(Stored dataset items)
Lemma hit_probS sg x h r : hit_prob sg x h r.+1 =
  (last_state x h \notin T)%:R * \sum_(a : A) \sum_(s : S)
     (sg x h a * P (last_state x h) a s * hit_prob sg x (rcons h (a, s)) r).
Proof.
rewrite /hit_prob big_mkcond /= (@sum_tuple_cons _ _ r (fun w : seq (A * S) =>
  if first_hit T (last_state x h) w then pprob P sg x h w else 0)).
rewrite [RHS]big_distrr /=; under [RHS]eq_bigr do rewrite big_distrr /=.
rewrite [RHS]pair_big /=; apply: eq_bigr => -[a s] _ /=.
rewrite mulrA big_distrr /= [RHS]big_mkcond /=; apply: eq_bigr => w _.
rewrite first_hit_cons last_state_rcons /=.
case: (last_state x h \in T) => /=; first by rewrite !mul0r; case: ifP.
by rewrite mul1r; case: ifP => _; rewrite ?mulr0.
Qed.

Lemma hit_prob_sum_le1 sg x : is_strategy legal sg ->
  forall N h, \sum_(r < N) hit_prob sg x h r <= 1.
Proof.
move=> hs; elim=> [|N IH] h; first by rewrite big_ord0.
rewrite big_ord_recl hit_prob0.
under eq_bigr do rewrite hit_probS.
rewrite -big_distrr /=.
have tail_le1 : \sum_(i < N) \sum_(a : A) \sum_(s : S)
    sg x h a * P (last_state x h) a s * hit_prob sg x (rcons h (a, s)) i <= 1.
  rewrite exchange_big -(step_sum1 x h hs); apply: ler_sum => a _.
  rewrite exchange_big; apply: ler_sum => s _.
  by rewrite -big_distrr -[leRHS]mulr1 ler_wpM2l ?step_ge0.
by case: (last_state x h \in T); rewrite /= ?mul0r ?addr0 ?mul1r ?add0r.
Qed.

Local Open Scope ereal_scope.

Lemma reach_ge0 sg x h : is_strategy legal sg -> 0 <= reach sg x h.
Proof. by move=> hs; apply: nneseries_ge0 => n _ _; rewrite lee_fin hit_prob_ge0. Qed.

Lemma reach_le1 sg x h : is_strategy legal sg -> reach sg x h <= 1.
Proof.
move=> hs; apply: lime_le.
  by apply: is_cvg_nneseries => n _ _; rewrite lee_fin hit_prob_ge0.
apply: nearW => n /=; rewrite sumEFin lee_fin big_mkord.
exact: hit_prob_sum_le1.
Qed.

Lemma reach_fin sg x h : is_strategy legal sg ->
  reach sg x h = (fine (reach sg x h))%:E.
Proof.
move=> hs; rewrite fineK // ge0_fin_numE ?reach_ge0 //.
by apply: le_lt_trans (reach_le1 x h hs) _; rewrite ltry.
Qed.

Lemma reach_T sg x h : last_state x h \in T -> reach sg x h = 1.
Proof.
move=> hT.
have hit_at0 k : hit_prob sg x h k = (k == 0)%N%:R.
  by case: k => [|k]; rewrite ?hit_prob0 ?hit_probS hT /= ?mul0r.
rewrite /reach nneseries_recl //; last by move=> k _; rewrite hit_at0 lee_fin ler0n.
by rewrite hit_at0 /= eseries0 ?adde0 // => -[|i] //= _ _; rewrite hit_at0.
Qed.

Lemma reach_step sg x h : is_strategy legal sg -> last_state x h \notin T ->
  reach sg x h = \sum_(a : A) \sum_(s : S)
     (sg x h a * P (last_state x h) a s)%:E * reach sg x (rcons h (a, s)).
Proof.
move=> hs hT.
rewrite /reach nneseries_recl //; last by move=> k _; rewrite lee_fin hit_prob_ge0.
rewrite hit_prob0 (negbTE hT) add0e -nneseries_addn; last first.
  by move=> i; rewrite lee_fin hit_prob_ge0.
under eq_eseriesr do rewrite addn1 hit_probS hT mul1r -sumEFin.
rewrite nneseries_sum; last first.
  move=> a j _; rewrite lee_fin; apply: sumr_ge0 => s _.
  by rewrite mulr_ge0 ?step_ge0 ?hit_prob_ge0.
apply: eq_bigr => a _; under eq_eseriesr do rewrite -sumEFin.
rewrite nneseries_sum; last first.
  by move=> s j _; rewrite lee_fin mulr_ge0 ?step_ge0 ?hit_prob_ge0.
apply: eq_bigr => s _; under eq_eseriesr do rewrite EFinM.
by rewrite nneseriesZl // => i _; rewrite lee_fin hit_prob_ge0.
Qed.

Lemma reach_shift (rho tau : strat R S A) x y h :
  (forall h', rho x (h ++ h') = tau y h') -> last_state x h = y ->
  reach rho x h = pr_reach P T tau y.
Proof.
move=> E L.
have pprob_shift w h' : pprob P rho x (h ++ h') w = pprob P tau y h' w.
  elim: w h' => [|[a s] w IH] h' //=.
  by rewrite E last_state_cat L rcons_cat IH.
rewrite pr_reachE /reach; apply: eq_eseriesr => r _; congr EFin.
rewrite /hit_prob L; apply: eq_bigr => w _.
by rewrite -[in LHS](cats0 h) pprob_shift.
Qed.

End Reachability.

Section Values.
Variables (R : realType) (S A : finType).
Variables (legal : S -> A -> bool) (P : S -> A -> S -> R) (T : {set S}).
Hypothesis hmdp : is_mdp legal P.
(* Some strategy exists, so Val is a supremum over a nonempty set. *)
Variable tau0 : strat R S A.
Hypothesis htau0 : is_strategy legal tau0.

Local Notation Val := (Val legal P T).

Lemma pr_reach_le (sg : strat R S A) s : is_strategy legal sg ->
  (pr_reach P T sg s <= ValE legal P T s)%E.
Proof. by move=> hs; apply: ereal_sup_ubound; exists sg. Qed.

Lemma ValE_ge0 s : (0 <= ValE legal P T s)%E.
Proof.
apply: le_trans (pr_reach_le s htau0); rewrite pr_reachE.
exact: (reach_ge0 T hmdp _ _ htau0).
Qed.

Lemma ValE_le1 s : (ValE legal P T s <= 1)%E.
Proof.
apply/ereal_supP => y [sg hs <-]; rewrite pr_reachE.
exact: (reach_le1 T hmdp _ _ hs).
Qed.

Lemma ValE_fin s : ValE legal P T s = (Val s)%:E.
Proof.
rewrite /Val fineK // ge0_fin_numE ?ValE_ge0 //.
by apply: le_lt_trans (ValE_le1 s) _; rewrite ltry.
Qed.

Lemma Val_ge0 s : 0 <= Val s.
Proof. by rewrite -lee_fin -ValE_fin ValE_ge0. Qed.

Lemma Val_le1 s : Val s <= 1.
Proof. by rewrite -lee_fin -ValE_fin ValE_le1. Qed.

About this exercise: Scan the lines above for "if first_hit T" and for "rewrite exchange_big; apply: ler_sum". Repeat exactly the line holding each of them and every line in between.

Finished exercise:
  if first_hit T (last_state x h) w then pprob P sg x h w else 0)).
rewrite [RHS]big_distrr /=; under [RHS]eq_bigr do rewrite big_distrr /=.
rewrite [RHS]pair_big /=; apply: eq_bigr => -[a s] _ /=.
rewrite mulrA big_distrr /= [RHS]big_mkcond /=; apply: eq_bigr => w _.
rewrite first_hit_cons last_state_rcons /=.
case: (last_state x h \in T) => /=; first by rewrite !mul0r; case: ifP.
by rewrite mul1r; case: ifP => _; rewrite ?mulr0.
Qed.

Lemma hit_prob_sum_le1 sg x : is_strategy legal sg ->
  forall N h, \sum_(r < N) hit_prob sg x h r <= 1.
Proof.
move=> hs; elim=> [|N IH] h; first by rewrite big_ord0.
rewrite big_ord_recl hit_prob0.
under eq_bigr do rewrite hit_probS.
rewrite -big_distrr /=.
have tail_le1 : \sum_(i < N) \sum_(a : A) \sum_(s : S)
    sg x h a * P (last_state x h) a s * hit_prob sg x (rcons h (a, s)) i <= 1.
  rewrite exchange_big -(step_sum1 x h hs); apply: ler_sum => a _.
  rewrite exchange_big; apply: ler_sum => s _.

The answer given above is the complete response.